# ENSF-612 Midterm

## Preparation for Q2

I created a dummy file, and uploaded it at `dbfs:/FileStore/midterm/q2_data.csv`. I load this file into pyspark dataframe.

*Citations - I have adapted the data for the dummy file from [here](http://snap.stanford.edu/data/amazon/productGraph/categoryFiles/reviews_Musical_Instruments_5.json.gz).*

In [0]:
def read_CSV_to_DF(filepath, isHeader):
  """
  Read a csv file into a spark dataframe
  """
  df = (spark.read
        .option("multiline", "true")
        .option("quote", '"')
        .option("header", isHeader)
        .option("escape", "\\")
        .option("escape", '"')
        .csv(filepath)
        )
  
  return df

# creating the dataframe
df = read_CSV_to_DF('/FileStore/midterm/q2_data.csv', True)

# updating the datatype of columns of dataframe
df = df.withColumn('IssuePriority', df['IssuePriority'].cast('int'))
df = df.withColumn('NumberOfComponentsAffected', df['NumberOfComponentsAffected'].cast('int'))

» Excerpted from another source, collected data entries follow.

(* Let $m$ be a positive integer and $\mathcal{N}_r$ the gadget of size $m$. Every $\mathcal{H}^{(\ast)}$-partition of $\mathcal{N}_r$ has size at least $m+1$. Moreover, there exist exactly two $\mathcal{H}^{(m+1)}$-partitions of $\mathcal{N}_r$, namely $\mathcal{L}_r=\{\{r_{i,0},r_{i,1},\dots,r_{i,m}\}:0\le i\le m\}$ and $\mathcal{R}_r=\{\{r_{0,i},r_{1,i},\dots,r_{m,i}\}:0\le i\le m\}$.
   Context: The gadget $\mathcal{N}_r=\langle\mathcal{V}_r,\mathcal{E}_r\rangle$ of size $m$ has vertex set $\mathcal{V}_r=\{r_{i,j}:0\le i,j\le m\}$ and arc set $\mathcal{E}_r=\{\langle r_{i,j},r_{i,j+1}\rangle:0\le i\le m,\ 0\le j<m\}\cup\{\langle r_{i,j},r_{i+1,j}\rangle:0\le i<m,\ 0\le j\le m\}$; it is a DAG. For a DAG $G$, a partition $\pi$ of its vertex set is an $\mathcal{H}^{(k)}$-partition if $|\pi|=k$, every induced subgraph $G[P]$, $P\in\pi$, has a directed Hamiltonian path, and the quotient digraph $G/\pi$ (vertex set $\pi$, arc $\langle P,Q\rangle$ for $P\ne Q$ whenever some arc of $G$ goes from $P$ to $Q$) is acyclic; an $\mathcal{H}^{(\ast)}$-partition is an $\mathcal{H}^{(k)}$-partition for some $k$. *)

From mathcomp Require Import all_boot.
Set Implicit Arguments. Unset Strict Implicit. Unset Printing Implicit Defensive.

Section Generic.
Variable V : finType.
Variable arc : rel V.

Definition has_ham_path (A : {set V}) : Prop :=
  exists s : seq V, [/\ uniq s, (forall x, (x \in s) = (x \in A)) & sorted arc s].

Definition quot_arc (pi : {set {set V}}) : rel {set V} :=
  fun P Q => [&& P \in pi, Q \in pi, P != Q &
                 [exists x in P, exists y in Q, arc x y]].

Definition acyclic_rel (T : finType) (e : rel T) : Prop :=
  forall a b, e a b -> ~~ connect e b a.

Definition Hk_partition (k : nat) (pi : {set {set V}}) : Prop :=
  [/\ partition pi [set: V], #|pi| = k,
      (forall P, P \in pi -> has_ham_path P) &
      acyclic_rel (quot_arc pi)].

Definition Hstar_partition (pi : {set {set V}}) : Prop :=
  exists k, Hk_partition k pi.
End Generic.

(* The gadget N_r of size m: vertex r_{i,j} is the pair (i,j), 0 <= i,j <= m. *)
Definition gvert (m : nat) := ('I_m.+1 * 'I_m.+1)%type.

Definition garc (m : nat) : rel (gvert m) :=
  fun u v => ((u.1 == v.1) && (v.2 == u.2.+1 :> nat))
          || ((u.2 == v.2) && (v.1 == u.1.+1 :> nat)).

Definition Lpart (m : nat) : {set {set gvert m}} :=
  [set [set ((i, j) : gvert m) | j : 'I_m.+1] | i : 'I_m.+1].
Definition Rpart (m : nat) : {set {set gvert m}} :=
  [set [set ((j, i) : gvert m) | j : 'I_m.+1] | i : 'I_m.+1].

(* Every arc raises i + j by one, so a block of an H-partition, being traced by
   a directed path, meets each antidiagonal at most once.  If that path turned
   at b, the opposite corner d of the unit square would lie on b's antidiagonal,
   hence outside the block, and the two arcs through d would form a 2-cycle in
   the quotient.  So every block lies in a row or a column and has at most m+1
   vertices; counting the (m+1)^2 vertices gives at least m+1 blocks, with
   equality only when every block is a full row or column.  A row and a column
   always meet, so all blocks then have the same orientation. *)
From mathcomp Require Import all_boot zify.
Set Implicit Arguments. Unset Strict Implicit. Unset Printing Implicit Defensive.

Lemma sorted_homo_inj (T : eqType) (r : rel T) (g : T -> nat) (s : seq T) :
  (forall x y, r x y -> g x < g y) -> sorted r s -> {in s &, injective g}.
Proof.
move=> gr; elim: s => // x s IH /= xs.
have gx : all (fun y => g x < g y) s.
  apply: (order_path_min (leT := relpre g ltn)); first by move=> y z w; apply: ltn_trans.
  exact: sub_path xs.
move=> a c; rewrite !inE => /predU1P[->|aS] /predU1P[->|cS] //.
- by move=> gxc; have := allP gx c cS; rewrite gxc ltnn.
- by move=> gax; have := allP gx a aS; rewrite gax ltnn.
- exact: IH (path_sorted xs) a c aS cS.
Qed.

Lemma acyclic_homo (T : finType) (r : rel T) (g : T -> nat) :
  (forall x y, r x y -> g x < g y) -> acyclic_rel r.
Proof.
move=> gr a b /gr gab; apply/negP => /connectP[p bp aE]; rewrite {a}aE in gab.
have : all (fun y => g b <= g y) p.
  apply: (order_path_min (leT := relpre g leq)); first by move=> y z w; apply: leq_trans.
  by apply: sub_path bp => x y /gr /ltnW.
move: (mem_last b p) gab; rewrite inE => /predU1P[->|lp]; first by rewrite ltnn.
by move=> glb /allP/(_ _ lp); rewrite leqNgt glb.
Qed.

Lemma acyclic_quot_mid (V : finType) (arc : rel V) (pi : {set {set V}}) P a c d :
  partition pi [set: V] -> acyclic_rel (quot_arc arc pi) -> P \in pi ->
  a \in P -> c \in P -> arc a d -> arc d c -> d \in P.
Proof.
move=> /and3P[/eqP cov _ _] acyc Ppi aP cP ad dc.
have dcov : d \in cover pi by rewrite cov inE.
have Qpi := pblock_mem dcov; have dQ := mem_pblock pi d; rewrite dcov in dQ.
have [->//|PQ] := eqVneq P (pblock pi d).
have PQa : quot_arc arc pi P (pblock pi d).
  rewrite /quot_arc Ppi Qpi PQ; apply/exists_inP; exists a => //.
  by apply/exists_inP; exists d.
have QPa : quot_arc arc pi (pblock pi d) P.
  rewrite /quot_arc Ppi Qpi eq_sym PQ; apply/exists_inP; exists d => //.
  by apply/exists_inP; exists c.
by have := acyc _ _ PQa; rewrite connect1.
Qed.

Lemma partition_card_leqif (T : finType) (pi : {set {set T}}) (D : {set T}) k :
  partition pi D -> {in pi, forall A : {set T}, #|A| <= k} ->
  #|D| <= #|pi| * k ?= iff [forall (A | A \in pi), #|A| == k].
Proof.
move=> piD le_k; rewrite (card_partition piD) -sum_nat_const.
by apply: leqif_sum => A /le_k; apply: leqif_eq.
Qed.

Section Grid.
Variable m : nat.
Notation V := (gvert m).
Notation arc := (@garc m).

Definition coord (b : bool) (z : V) : 'I_m.+1 := if b then z.1 else z.2.
Definition mk (b : bool) (i j : 'I_m.+1) : V := if b then (i, j) else (j, i).
Definition line (b : bool) (i : 'I_m.+1) : {set V} := [set mk b i j | j : 'I_m.+1].
Definition lines (b : bool) : {set {set V}} := [set line b i | i : 'I_m.+1].
Definition antidiag (z : V) : nat := z.1 + z.2.
Definition aligned (b : bool) : rel V := [rel u v | coord b u == coord b v].
Definition orient (x y : V) : bool := x.1 == y.1.

Lemma Lpart_lines : Lpart m = lines true. Proof. by []. Qed.
Lemma Rpart_lines : Rpart m = lines false. Proof. by []. Qed.

Lemma garcP (x y : V) :
  reflect ((x.1 = y.1 :> nat /\ y.2 = x.2.+1 :> nat) \/
           (x.2 = y.2 :> nat /\ y.1 = x.1.+1 :> nat))
          (arc x y).
Proof.
rewrite /garc -!val_eqE; apply: (iffP orP).
  by case=> /andP[/eqP h1 /eqP h2]; [left|right].
by case=> -[/eqP h1 /eqP h2]; [left|right]; apply/andP.
Qed.

Lemma coord_mk b i j : coord b (mk b i j) = i. Proof. by case: b. Qed.
Lemma coordN_mk b i j : coord (~~ b) (mk b i j) = j. Proof. by case: b. Qed.

Lemma mem_line b i z : (z \in line b i) = (coord b z == i).
Proof.
apply/imsetP/eqP => [[j _ ->]|<-]; first exact: coord_mk.
by exists (coord (~~ b) z) => //; case: b; case: z.
Qed.

Lemma mk_inj b i : injective (mk b i).
Proof. by case: b => j k [->]. Qed.

Lemma card_line b i : #|line b i| = m.+1.
Proof. by rewrite card_imset ?card_ord //; apply: mk_inj. Qed.

Lemma mk_line b i j : mk b i j \in line b i.
Proof. by rewrite mem_line coord_mk. Qed.

Lemma mk_lineN b i j : mk b i j \in line (~~ b) j.
Proof. by rewrite mem_line coordN_mk. Qed.

Lemma coord_arc b x y : arc x y -> coord b x <= coord b y.
Proof. by case: b => /garcP /=; lia. Qed.

Lemma antidiag_arc x y : arc x y -> antidiag x < antidiag y.
Proof. by rewrite /antidiag => /garcP; lia. Qed.

Lemma arc_aligned x y : arc x y -> aligned (orient x y) x y.
Proof.
rewrite /aligned /orient /=; case: (x.1 =P y.1) => [e _|ne /garcP [[h _]|[h _]]] /=.
- by rewrite e.
- by case: ne; apply: val_inj.
- exact/eqP/val_inj.
Qed.

(* The other corner of the unit square spanned by a turning path a -> b -> c. *)
Lemma turn_corner a b c : arc a b -> arc b c -> orient a b != orient b c ->
  exists d, [/\ arc a d, arc d c, d != b & antidiag d = antidiag b].
Proof.
rewrite /orient /antidiag -!val_eqE => /garcP ab /garcP bc.
case: (a.1 =P b.1 :> nat) => e1; case: (b.1 =P c.1 :> nat) => e2 //= _.
- exists (c.1, a.2); split=> /=; try apply/garcP => /=; try lia.
  by apply/eqP => /(congr1 (fun z : V => val z.2)) /=; lia.
- exists (a.1, c.2); split=> /=; try apply/garcP => /=; try lia.
  by apply/eqP => /(congr1 (fun z : V => val z.1)) /=; lia.
Qed.

Lemma aligned_trans b : transitive (aligned b).
Proof. by move=> v u w; rewrite /aligned /= => /eqP -> /eqP ->. Qed.

Lemma card_gvert : #|[set: V]| = m.+1 * m.+1.
Proof. by rewrite cardsT card_prod card_ord. Qed.

Section Blocks.
Variable pi : {set {set V}}.
Hypothesis pi_part : partition pi [set: V].
Hypothesis pi_ham : forall P, P \in pi -> has_ham_path arc P.
Hypothesis pi_acyclic : acyclic_rel (quot_arc arc pi).

Lemma antidiag_inj_block P : P \in pi -> {in P &, injective antidiag}.
Proof.
move=> /pi_ham [s [_ sP ss]] x y; rewrite -!sP.
exact: sorted_homo_inj antidiag_arc ss x y.
Qed.

Lemma block_no_turn P a b c : P \in pi -> a \in P -> b \in P -> c \in P ->
  arc a b -> arc b c -> orient a b = orient b c.
Proof.
move=> Ppi aP bP cP ab bc; case: (eqVneq (orient a b) (orient b c)) => // turn.
have [d [ad dc db dsum]] := turn_corner ab bc turn.
have dP := acyclic_quot_mid pi_part pi_acyclic Ppi aP cP ad dc.
by move: db; rewrite (antidiag_inj_block Ppi dP bP dsum) eqxx.
Qed.

Lemma block_path_aligned P x y s : P \in pi -> {subset x :: y :: s <= P} ->
  path arc x (y :: s) -> path (aligned (orient x y)) x (y :: s).
Proof.
move=> Ppi; elim: s x y => [|z s IH] x y sub /=.
  by rewrite !andbT; apply: arc_aligned.
case/andP=> xy yzs; rewrite (arc_aligned xy) /=.
have sub' : {subset y :: z :: s <= P}.
  by move=> u u_in; apply: sub; rewrite inE u_in orbT.
case/andP: (yzs) => yz _.
rewrite (block_no_turn Ppi (sub x (mem_head _ _)) (sub' y (mem_head _ _)) _ xy yz).
  exact: IH sub' yzs.
by apply: sub'; rewrite !inE eqxx orbT.
Qed.

Lemma block_sub_line P : P \in pi -> exists b i, P \subset line b i.
Proof.
move=> Ppi; have [s [_ sP ss]] := pi_ham Ppi.
case: s sP ss => [|x s] sP ss.
  have P0 : P = set0 by apply/setP => z; rewrite -sP inE.
  by case/and3P: pi_part => _ _; rewrite -P0 Ppi.
pose b := if s is y :: _ then orient x y else true.
have al : path (aligned b) x s.
  rewrite /b; case: s sP ss {b} => [//|y s] sP ss.
  by apply: block_path_aligned Ppi _ ss => z; rewrite sP.
exists b, (coord b x); apply/subsetP => z; rewrite -sP mem_line inE.
case/predU1P => [->//|zs].
by rewrite eq_sym; apply: (allP (order_path_min (@aligned_trans b) al)).
Qed.

Lemma card_block_le P : P \in pi -> #|P| <= m.+1.
Proof.
by case/block_sub_line=> b [i /subset_leq_card]; rewrite card_line.
Qed.

Lemma card_blocks_leqif :
  m.+1 * m.+1 <= #|pi| * m.+1 ?= iff [forall (A | A \in pi), #|A| == m.+1].
Proof. by rewrite -card_gvert; apply: partition_card_leqif pi_part card_block_le. Qed.

Lemma card_blocks_ge : m.+1 <= #|pi|.
Proof. by rewrite -(leq_pmul2r (ltn0Sn m)) card_blocks_leqif. Qed.

Lemma block_eq_line P : #|pi| = m.+1 -> P \in pi -> exists b i, P = line b i.
Proof.
move=> pi_card Ppi; have [b [i Pline]] := block_sub_line Ppi.
have /forall_inP/(_ P Ppi)/eqP cardP : [forall (A | A \in pi), #|A| == m.+1].
  by rewrite -(card_blocks_leqif).2 pi_card.
by exists b, i; apply/eqP; rewrite eqEcard Pline card_line cardP leqnn.
Qed.

End Blocks.

Lemma lines_partition b : partition (lines b) [set: V].
Proof.
apply/and3P; split.
- apply/eqP/setP => z; rewrite inE; apply/bigcupP.
  by exists (line b (coord b z)); rewrite ?imset_f // mem_line.
- apply/trivIsetP => _ _ /imsetP[i _ ->] /imsetP[j _ ->] ne.
  apply/pred0P => z /=; rewrite !mem_line.
  by apply: contraNF ne => /andP[/eqP <- /eqP <-].
- by apply/imsetP => -[i _ /setP/(_ (mk b i i))]; rewrite mk_line inE.
Qed.

Lemma card_lines b : #|lines b| = m.+1.
Proof.
rewrite card_imset ?card_ord // => i j /setP/(_ (mk b i i)).
by rewrite !mem_line coord_mk eqxx => /esym/eqP.
Qed.

Lemma iota_succ_sorted k n : sorted (fun a c => c == a.+1) (iota k n).
Proof. by elim: n k => [|[|n] IH] k //=; rewrite eqxx; apply: IH k.+1. Qed.

Lemma line_ham_path b i : has_ham_path arc (line b i).
Proof.
exists [seq mk b i j | j <- enum 'I_m.+1]; split.
- by rewrite map_inj_uniq ?enum_uniq //; apply: mk_inj.
- by move=> z; apply/mapP/imsetP => -[j _ ->]; exists j; rewrite ?mem_enum.
- have : sorted (fun a c => c == a.+1) (map val (enum 'I_m.+1)).
    by rewrite val_enum_ord iota_succ_sorted.
  rewrite !sorted_map; apply: sub_sorted => j k /= /eqP kj.
  by case: b; apply/garcP; rewrite /= kj; lia.
Qed.

(* Blocks are ordered by their common coordinate, which never decreases along an arc. *)
Lemma lines_acyclic b : acyclic_rel (quot_arc arc (lines b)).
Proof.
pose idx (P : {set V}) := if [pick z in P] is Some z then nat_of_ord (coord b z) else 0.
have idx_line i : idx (line b i) = i.
  rewrite /idx; case: pickP => [z|/(_ (mk b i i))]; last by rewrite mk_line.
  by rewrite mem_line => /eqP ->.
apply: (acyclic_homo (g := idx)) => P Q.
case/and4P=> /imsetP[i _ ->] /imsetP[j _ ->] ne /exists_inP[x xi /exists_inP[y yj xy]].
move: xi yj; rewrite !mem_line => /eqP ix /eqP jy; subst i j.
rewrite !idx_line ltn_neqAle coord_arc // andbT.
by apply: contraNneq ne => /val_inj ->.
Qed.

Lemma lines_Hk b : Hk_partition arc m.+1 (lines b).
Proof.
split; [exact: lines_partition | exact: card_lines | | exact: lines_acyclic].
by move=> _ /imsetP[i _ ->]; apply: line_ham_path.
Qed.

Section Nondegenerate.
Hypothesis m_gt0 : 0 < m.

Lemma line_neq b i j : line b i != line (~~ b) j.
Proof.
apply/eqP => e; have on_j k : k = j.
  by apply/eqP; rewrite -(coordN_mk b i k) -mem_line -e mk_line.
by have := on_j ord_max; rewrite -(on_j ord0) => /(congr1 val) /=; lia.
Qed.

Lemma lines_neq b : lines b != lines (~~ b).
Proof.
apply/eqP => e; have /imsetP[j _ /eqP] : line b ord0 \in lines (~~ b) by rewrite -e imset_f.
by rewrite (negbTE (line_neq _ _ _)).
Qed.

(* A row block and a column block would share a vertex. *)
Lemma Hk_eq_lines pi : Hk_partition arc m.+1 pi -> exists b, pi = lines b.
Proof.
case=> pi_part pi_card pi_ham pi_acyc.
have full := block_eq_line pi_part pi_ham pi_acyc pi_card.
have [P0 P0pi] : exists P0, P0 \in pi by apply/set0Pn; rewrite -card_gt0 pi_card.
have [b [i0 P0E]] := full _ P0pi.
exists b; apply/eqP; rewrite eqEcard card_lines pi_card leqnn andbT.
apply/subsetP => P Ppi; have [b' [i PE]] := full _ Ppi.
have [<-|nb] := eqVneq b' b; first by rewrite PE imset_f.
have {nb}b'E : b' = ~~ b by case: b b' nb {PE P0E} => [] [].
subst b'.
case/and3P: pi_part => _ /trivIsetP/(_ _ _ P0pi Ppi) triv _.
move: triv; rewrite P0E PE line_neq => /(_ isT)/disjointFr/(_ (mk_line b i0 i)).
by rewrite mk_lineN.
Qed.

End Nondegenerate.

End Grid.

Theorem lemma5p4 (m : nat) (hm : 0 < m) :
  (forall pi : {set {set gvert m}},
      Hstar_partition (@garc m) pi -> m.+1 <= #|pi|) /\
  (forall pi : {set {set gvert m}},
      Hk_partition (@garc m) m.+1 pi <-> (pi = Lpart m \/ pi = Rpart m)) /\
  Lpart m <> Rpart m.
Proof.
split; first by move=> pi [k [pi_part _ pi_ham pi_acyc]]; apply: card_blocks_ge pi_ham pi_acyc.
split; last by apply/eqP; rewrite Lpart_lines Rpart_lines (lines_neq hm true).
move=> pi; rewrite Lpart_lines Rpart_lines; split.
  by case/(Hk_eq_lines hm) => -[] ->; [left | right].
by case=> ->; apply: lines_Hk.
Qed.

I created the below functions that emulate the functionality that we have to assume for this midterm.

In [0]:
import random
from datetime import datetime
 
 
@udf
def getIssueType(IssueDescription):
  """
  returns 'b' for bug, 'f' for new feature, and 
  'e' for feature enhancement
  """
  
  issue_type = ['b', 'f', 'e']
  random.seed(len(IssueDescription))
  return random.choice(issue_type) 


@udf
def getYear(CreationTime):
  """
  returns year of the CreationTime
  """
  
  CreationTime = int(CreationTime)
  creationYear = datetime.fromtimestamp(CreationTime).strftime('%Y')
  return creationYear
 
 
@udf
def getMonth(CreationTime):
  """
  returns month of the CreationTime
  """
  
  CreationTime = int(CreationTime)
  creationMonth = datetime.fromtimestamp(CreationTime).strftime('%m')
  return creationMonth
 
 
@udf
def getDay(CreationTime):
  """
  returns day of a week like Monday, Tuesday, Sunday
  """
  
  CreationTime = int(CreationTime)
  creationDay = datetime.fromtimestamp(CreationTime).strftime('%A')
  return creationDay

## Task 2.1

In [0]:
# adding additional columns
df = df.select("*", getIssueType("IssueDescription").alias("IssueType"))
df = df.select("*", getYear("CreationTime").alias("IssueYear"))
df = df.select("*", getMonth("CreationTime").alias("IssueMonth"))
df = df.select("*", getDay("CreationTime").alias("IssueDay"))

# showing the results
df.toPandas().head()   # df.show(n=100)

Unnamed: 0,IssueId,CreationTime,IssueDescription,IssuePriority,NumberOfComponentsAffected,IssueType,IssueYear,IssueMonth,IssueDay
0,452526,1393545600,"Not much to write about here, but it does exac...",5,7,e,2014,2,Friday
1,412630,1363392000,The product does exactly as it should and is q...,5,7,e,2013,3,Saturday
2,169420,1377648000,The primary job of this device is to block the...,5,1,f,2013,8,Wednesday
3,470797,1392336000,Nice windscreen protects my MXL mic and preven...,5,6,b,2014,2,Friday
4,412630,1392940800,This pop filter is great. It looks and perform...,5,2,f,2014,2,Friday


## Task 2.2

In [0]:
# total number of components
numberOfComponents = df.select('NumberOfComponentsAffected').rdd.flatMap(lambda x: x).reduce(lambda x, y: x + y)

# printing the results
print("Total number of components affected by all the issues = {}".format(numberOfComponents))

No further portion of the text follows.